For backwards compatibility, the PyObject_GetIter() function implements fallback semantics when its argument is a sequence that does not implement a tp_iter function: a lightweight sequence iterator object is constructed in that case which iterates over the items of the sequence in the natural order.
为了向后兼容，当 PyObject_GetIter() 函数的参数是一个未实现 tp_iter 函数的序列时，它会实现回退语义：在这种情况下，会构造一个轻量级的序列迭代器对象，该对象按自然顺序遍历序列中的项。
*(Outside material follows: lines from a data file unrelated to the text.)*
Lemma sss_closed_bound B h : sss_closed B -> B h -> h < W * W.
Proof.
move=> closedB hB; have [k [r [-> r_top]]] := sss_closed_level closedB hB.
have : k.+1 * W <= W * W by rewrite leq_mul2r; rewrite /top in r_top; lia.
by rewrite mulSn; rewrite /top in r_top; lia.
Qed.

Lemma lcount_bound B k : sss_closed B ->
  [/\ lcount B k <= top k, lsum B k + 'C(lcount B k, 2) <= lcount B k * top k &
   lsum B k + 'C(lcount B k, 2) = lcount B k * top k ->
     forall r, r < W -> B (k * W + r) = (bottom B k <= r <= top k)].
Proof.
move=> closedB; have topW : top k < W by rewrite /top; lia.
exact: residue_sum_bound topW (fun r rW => level_residue closedB rW) _ (erefl _).
Qed.

Lemma bottom_gt0 B k : sss_closed B -> 0 < bottom B k.
Proof. by move=> closedB; have [bound _ _] := lcount_bound k closedB; rewrite /bottom; lia. Qed.

Lemma lcount_gt0E B k : sss_closed B -> (0 < lcount B k) = (bottom B k <= top k).
Proof. by move=> closedB; have [bound _ _] := lcount_bound k closedB; rewrite /bottom; lia. Qed.

(* Each element of level [k.+1] lies above one of level [k], and the largest one
   also lies above the two residues following it. *)
Lemma lcount_succ B k : sss_closed B -> 0 < lcount B k.+1 -> lcount B k.+1 + 2 <= lcount B k.
Proof.
move=> closedB /lcount_gt0_ex exr.
have exM : exists r, (r < W) && B (k.+1 * W + r) by case: exr => r rW hB; exists r; rewrite rW.
have ubM r : (r < W) && B (k.+1 * W + r) -> r <= W by case/andP => /ltnW.
case: (ex_maxnP exM ubM) => m /andP [mW Bm] m_max.
have /andP [_ m_top] := level_residue closedB mW Bm.
have m1W : m.+1 < W by rewrite /top in m_top; lia.
have m2W : m.+2 < W by rewrite /top in m_top; lia.
have m1 : ~~ B (k.+1 * W + m.+1).
  by apply/negP => hB; have := m_max m.+1; rewrite m1W hB => /(_ isT); lia.
have m2 : ~~ (B (k.+1 * W + m.+2) || (m.+2 == m.+1)).
  by rewrite gtn_eqF // orbF; apply/negP => hB; have := m_max m.+2; rewrite m2W hB => /(_ isT); lia.
have extend : \sum_(0 <= r < W) ((B (k.+1 * W + r) || (r == m.+1)) || (r == m.+2))
    = lcount B k.+1 + 2.
  by rewrite big_nat_count_add1 // big_nat_count_add1 // -addnA.
rewrite -extend; apply: leq_sum => r _.
case: (boolP (B (k.+1 * W + r))) => [/(level_shift (d := 0) closedB isT) | _ /=].
  by rewrite addn0 => ->.
case: eqVneq => [-> /= | _ /=].
  by have := level_shift (d := 1) closedB isT Bm; rewrite addn1 => ->.
by case: eqVneq => [->|] //=; have := level_shift (d := 2) closedB isT Bm; rewrite addn2 => ->.
Qed.

Lemma bottom_mono B k k' : sss_closed B -> k <= k' -> 0 < lcount B k' ->
  0 < lcount B k /\ bottom B k <= bottom B k'.
Proof.
move=> closedB /subnKC <-; elim: (k' - k) => [|d IH]; first by rewrite addn0.
rewrite addnS => /(lcount_succ closedB) next; have [pos le] := IH (ltac:(lia)).
have [bound _ _] := lcount_bound (k + d).+1 closedB.
by split=> //; move: le next bound; rewrite /bottom /top; lia.
Qed.

Lemma lcount_eq0_mono B L k : sss_closed B -> lcount B L = 0 -> L <= k -> lcount B k = 0.
Proof.
move=> closedB nL Lk; apply/eqP; rewrite -leqn0 leqNgt; apply/negP.
by case/(bottom_mono closedB Lk); rewrite nL.
Qed.

Lemma lcount_justified B k : sss_closed B ->
  lcount (justified B) k = lcount B k /\
  lsum (justified B) k + 'C(lcount B k, 2) = lcount B k * top k.
Proof.
move=> closedB; have [bound _ _] := lcount_bound k closedB.
have topW : top k < W by rewrite /top; lia.
have [count_eq sum_eq] := interval_sums bound topW.
split; [rewrite -[RHS]count_eq | rewrite -[RHS]sum_eq; congr (_ + _)];
  by apply: eq_big_nat => r /andP [_ rW]; rewrite justified_level.
Qed.

Lemma justified_sss_closed B : sss_closed B -> sss_closed (justified B).
Proof.
move=> closedB; have b_gt0 k := bottom_gt0 k closedB.
split.
- by rewrite -[0]/(0 * W + 0) justified_level //; have := b_gt0 0; lia.
- by rewrite -[s]/(0 * W + s) justified_level // /top; lia.
- by rewrite -[s.+1]/(0 * W + s.+1) justified_level // /top; lia.
move=> h d d2; rewrite (divn_eq h W) -addnA [_ %% W + _]addnC addnA -mulSnr.
set k := h %/ W; set r := h %% W; have rW : r < W by apply: ltn_pmod.
rewrite justified_level // => /andP [bot top_r].
have level_pos : 0 < lcount B k.+1 by move: bot top_r; rewrite /bottom; lia.
have [_ mono] := bottom_mono closedB (leqnSn k) level_pos.
rewrite -addnA justified_level; last by move: top_r (b_gt0 k.+1); rewrite /top; lia.
by move: bot top_r mono (b_gt0 k.+1); rewrite /top; lia.
Qed.

(* Justifying every level preserves closedness and the level counts while not
   decreasing the residue sums, so an optimal set is already justified. *)
Lemma optimal_justified B k r : optimal B -> r < W ->
  B (k * W + r) = (bottom B k <= r <= top k).
Proof.
move=> [closedB opt] rW; set J := justified B.
have count_J : bcount J = bcount B.
  by rewrite !bcount_levels; apply: eq_bigr => k' _; case: (lcount_justified k' closedB).
have lsum_le k' : lsum B k' <= lsum J k'.
  have [_ bound _] := lcount_bound k' closedB; have [_ sum_eq] := lcount_justified k' closedB.
  by rewrite -(leq_add2r 'C(lcount B k', 2)) sum_eq.
have sum_J : bsum J = bsum B + \sum_(0 <= k' < W) (lsum J k' - lsum B k').
  rewrite !bsum_levels -big_split /=; apply: eq_bigr => k' _.
  by have [-> _] := lcount_justified k' closedB; have := lsum_le k'; lia.
have := opt J (justified_sss_closed closedB); rewrite count_J sum_J => J_le.
have /eqP : \sum_(0 <= k' < W) (lsum J k' - lsum B k') = 0 by lia.
rewrite sum_nat_seq_eq0 => /allP lsum_eq.
have [bound _ eq_case] := lcount_bound k closedB.
case: (ltnP k W) => kW.
  have := lsum_eq k; rewrite mem_index_iota kW => /(_ isT); rewrite implyTb subn_eq0 => J_le'.
  have [_ sum_eq] := lcount_justified k closedB.
  apply: eq_case r rW; rewrite -sum_eq; congr (_ + _).
  by apply/eqP; rewrite eqn_leq lsum_le.
have -> : B (k * W + r) = false.
  apply/negP => /(sss_closed_bound closedB); rewrite ltnNge.
  by move/negP; apply; apply: leq_trans (leq_mul kW (leqnn W)) (leq_addr _ _).
by move: bound; rewrite /bottom /top; lia.
Qed.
The Python bytecode generated for for loops is changed to use new opcodes, GET_ITER and FOR_ITER, that use the iterator protocol rather than the sequence protocol to get the next value for the loop variable. This makes it possible to use a for loop to loop over non-sequence objects that support the tp_iter slot. Other places where the interpreter loops over the values of a sequence should also be changed to use iterators.
为 ` for ` 循环生成的 Python 字节码被更改为使用新的操作码 ` GET_ITER ` 和 ` FOR_ITER `，这些操作码使用迭代器协议而不是序列协议来获取循环变量的下一个值。这使得可以使用 ` for ` 循环来遍历支持 ` tp_iter ` 槽的非序列对象。解释器在其他地方遍历序列值的地方也应更改为使用迭代器。

Iterators ought to implement the tp_iter slot as returning a reference to themselves; this is needed to make it possible to use an iterator (as opposed to a sequence) in a for loop.
迭代器应该实现 `__iter__` 槽，返回对自身的引用；这是为了使迭代器（而不是序列）能够在 `for` 循环中使用。

Iterator implementations (in C or in Python) should guarantee that once the iterator has signalled its exhaustion, subsequent calls to tp_iternext or to the next() method will continue to do so. It is not specified whether an iterator should enter the exhausted state when an exception (other than StopIteration) is raised. Note that Python cannot guarantee that user-defined or 3rd party iterators implement this requirement correctly.
迭代器实现（无论是用 C 语言还是 Python）应保证一旦迭代器发出耗尽信号，后续对`__next__`或`next`方法的调用将继续如此。未规定迭代器在引发异常（除`StopIteration`外）时是否应进入耗尽状态。注意，Python 无法保证用户定义或第三方迭代器正确实现此要求。

Python API Specification

The StopIteration exception is made visible as one of the standard exceptions. It is derived from Exception.

A new built-in function is defined, iter(), which can be called in two ways:

iter(obj) calls PyObject_GetIter(obj).
iter(callable, sentinel) returns a special kind of iterator that calls the callable to produce a new value, and compares the return value to the sentinel value. If the return value equals the sentinel, this signals the end of the iteration and StopIteration is raised rather than returning normal; if the return value does not equal the sentinel, it is returned as the next value from the iterator. If the callable raises an exception, this is propagated normally; in particular, the function is allowed to raise StopIteration as an alternative way to end the iteration. (This functionality is available from the C API as PyCallIter_New(callable, sentinel).)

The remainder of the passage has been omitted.